Aim of the task:
Return the data that follows, keeping every word and mark unchanged.

[Source data — start]

(* A metrizable space $X$ satisfies $S_{fin}(\mathcal{K}_{\Omega},\mathcal{K}_{\Omega})$ if and only if $vet(Q_p(X,\mathbb{D}))=\omega$.
   Context: A function $f:X\to Y$ is quasicontinuous if for every $x\in X$, every open $V\ni f(x)$ and every open $U\ni x$ there is a nonempty open $W\subseteq U$ with $f(W)\subseteq V$. $Q_p(X,\mathbb{D})$ is the space of quasicontinuous functions from $X$ to the discrete space $\mathbb{D}=\{0,1\}$ with the topology of pointwise convergence. $\mathcal{K}_\Omega$ is the set of families $\mathcal{U}$ of open subsets of $X$ with $X=\bigcup\{\overline{U}:U\in\mathcal{U}\}$, no element of $\mathcal{U}$ dense in $X$, and for each finite $F\subseteq X$ some $U\in\mathcal{U}$ with $F\subseteq\overline{U}$. $S_{fin}(\mathcal{A},\mathcal{B})$: for every sequence $(A_n)_{n\in\mathbb{N}}$ of elements of $\mathcal{A}$ there are finite $B_n\subseteq A_n$ with $\bigcup_n B_n\in\mathcal{B}$. $vet(Z)=\omega$ means: for every $z\in Z$ and every sequence $(A_n)_{n\in\omega}$ of subsets of $Z$ with $z\in\bigcap_n\overline{A_n}$ there are finite $K_n\subseteq A_n$ with $z\in\overline{\bigcup_n K_n}$. *)

From HB Require Import structures.
From mathcomp Require Import all_boot all_order all_algebra.
From mathcomp Require Import all_classical all_reals all_analysis.
Set Implicit Arguments. Unset Strict Implicit. Unset Printing Implicit Defensive.
Import Order.TTheory GRing.Theory Num.Theory.
Local Open Scope classical_set_scope.

Definition quasicontinuous (X Y : topologicalType) (f : X -> Y) : Prop :=
  forall (x : X) (V : set Y) (U : set X), open V -> V (f x) -> open U -> U x ->
    exists W : set X, [/\ open W, W !=set0, W `<=` U & f @` W `<=` V].

(* the set of quasicontinuous functions X -> D = {0,1} (bool, discrete),
   as a subset of the space of all functions with the topology of
   pointwise convergence *)
Definition PtwsD (X : topologicalType) : topologicalType := {ptws X -> bool}.

Definition QC_set (X : topologicalType) : set (PtwsD X) :=
  [set f : PtwsD X | quasicontinuous (f : X -> bool)].

Definition Qp (X : topologicalType) : topologicalType := set_type (@QC_set X).

Definition K_Omega (X : topologicalType) (UU : set (set X)) : Prop :=
  [/\ (forall U, UU U -> open U),
      \bigcup_(U in UU) closure U = [set: X],
      (forall U, UU U -> ~ dense U) &
      (forall F : set X, finite_set F -> exists2 U, UU U & F `<=` closure U)].

Definition S_fin (X : Type) (A B : set (set X) -> Prop) : Prop :=
  forall An : nat -> set (set X), (forall n, A (An n)) ->
    exists Bn : nat -> set (set X),
      (forall n, finite_set (Bn n) /\ Bn n `<=` An n) /\ B (\bigcup_n Bn n).

Definition vet_omega (Z : topologicalType) : Prop :=
  forall (z : Z) (A : nat -> set Z), (forall n, closure (A n) z) ->
    exists K : nat -> set Z,
      (forall n, finite_set (K n) /\ K n `<=` A n) /\ closure (\bigcup_n K n) z.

[Source data — finish]

Solution:
(* A metrizable space $X$ satisfies $S_{fin}(\mathcal{K}_{\Omega},\mathcal{K}_{\Omega})$ if and only if $vet(Q_p(X,\mathbb{D}))=\omega$.
   Context: A function $f:X\to Y$ is quasicontinuous if for every $x\in X$, every open $V\ni f(x)$ and every open $U\ni x$ there is a nonempty open $W\subseteq U$ with $f(W)\subseteq V$. $Q_p(X,\mathbb{D})$ is the space of quasicontinuous functions from $X$ to the discrete space $\mathbb{D}=\{0,1\}$ with the topology of pointwise convergence. $\mathcal{K}_\Omega$ is the set of families $\mathcal{U}$ of open subsets of $X$ with $X=\bigcup\{\overline{U}:U\in\mathcal{U}\}$, no element of $\mathcal{U}$ dense in $X$, and for each finite $F\subseteq X$ some $U\in\mathcal{U}$ with $F\subseteq\overline{U}$. $S_{fin}(\mathcal{A},\mathcal{B})$: for every sequence $(A_n)_{n\in\mathbb{N}}$ of elements of $\mathcal{A}$ there are finite $B_n\subseteq A_n$ with $\bigcup_n B_n\in\mathcal{B}$. $vet(Z)=\omega$ means: for every $z\in Z$ and every sequence $(A_n)_{n\in\omega}$ of subsets of $Z$ with $z\in\bigcap_n\overline{A_n}$ there are finite $K_n\subseteq A_n$ with $z\in\overline{\bigcup_n K_n}$. *)

From HB Require Import structures.
From mathcomp Require Import all_boot all_order all_algebra.
From mathcomp Require Import all_classical all_reals all_analysis.
Set Implicit Arguments. Unset Strict Implicit. Unset Printing Implicit Defensive.
Import Order.TTheory GRing.Theory Num.Theory.
Local Open Scope classical_set_scope.

Definition quasicontinuous (X Y : topologicalType) (f : X -> Y) : Prop :=
  forall (x : X) (V : set Y) (U : set X), open V -> V (f x) -> open U -> U x ->
    exists W : set X, [/\ open W, W !=set0, W `<=` U & f @` W `<=` V].

(* the set of quasicontinuous functions X -> D = {0,1} (bool, discrete),
   as a subset of the space of all functions with the topology of
   pointwise convergence *)
Definition PtwsD (X : topologicalType) : topologicalType := {ptws X -> bool}.

Definition QC_set (X : topologicalType) : set (PtwsD X) :=
  [set f : PtwsD X | quasicontinuous (f : X -> bool)].

Definition Qp (X : topologicalType) : topologicalType := set_type (@QC_set X).

Definition K_Omega (X : topologicalType) (UU : set (set X)) : Prop :=
  [/\ (forall U, UU U -> open U),
      \bigcup_(U in UU) closure U = [set: X],
      (forall U, UU U -> ~ dense U) &
      (forall F : set X, finite_set F -> exists2 U, UU U & F `<=` closure U)].

Definition S_fin (X : Type) (A B : set (set X) -> Prop) : Prop :=
  forall An : nat -> set (set X), (forall n, A (An n)) ->
    exists Bn : nat -> set (set X),
      (forall n, finite_set (Bn n) /\ Bn n `<=` An n) /\ B (\bigcup_n Bn n).

Definition vet_omega (Z : topologicalType) : Prop :=
  forall (z : Z) (A : nat -> set Z), (forall n, closure (A n) z) ->
    exists K : nat -> set Z,
      (forall n, finite_set (K n) /\ K n `<=` A n) /\ closure (\bigcup_n K n) z.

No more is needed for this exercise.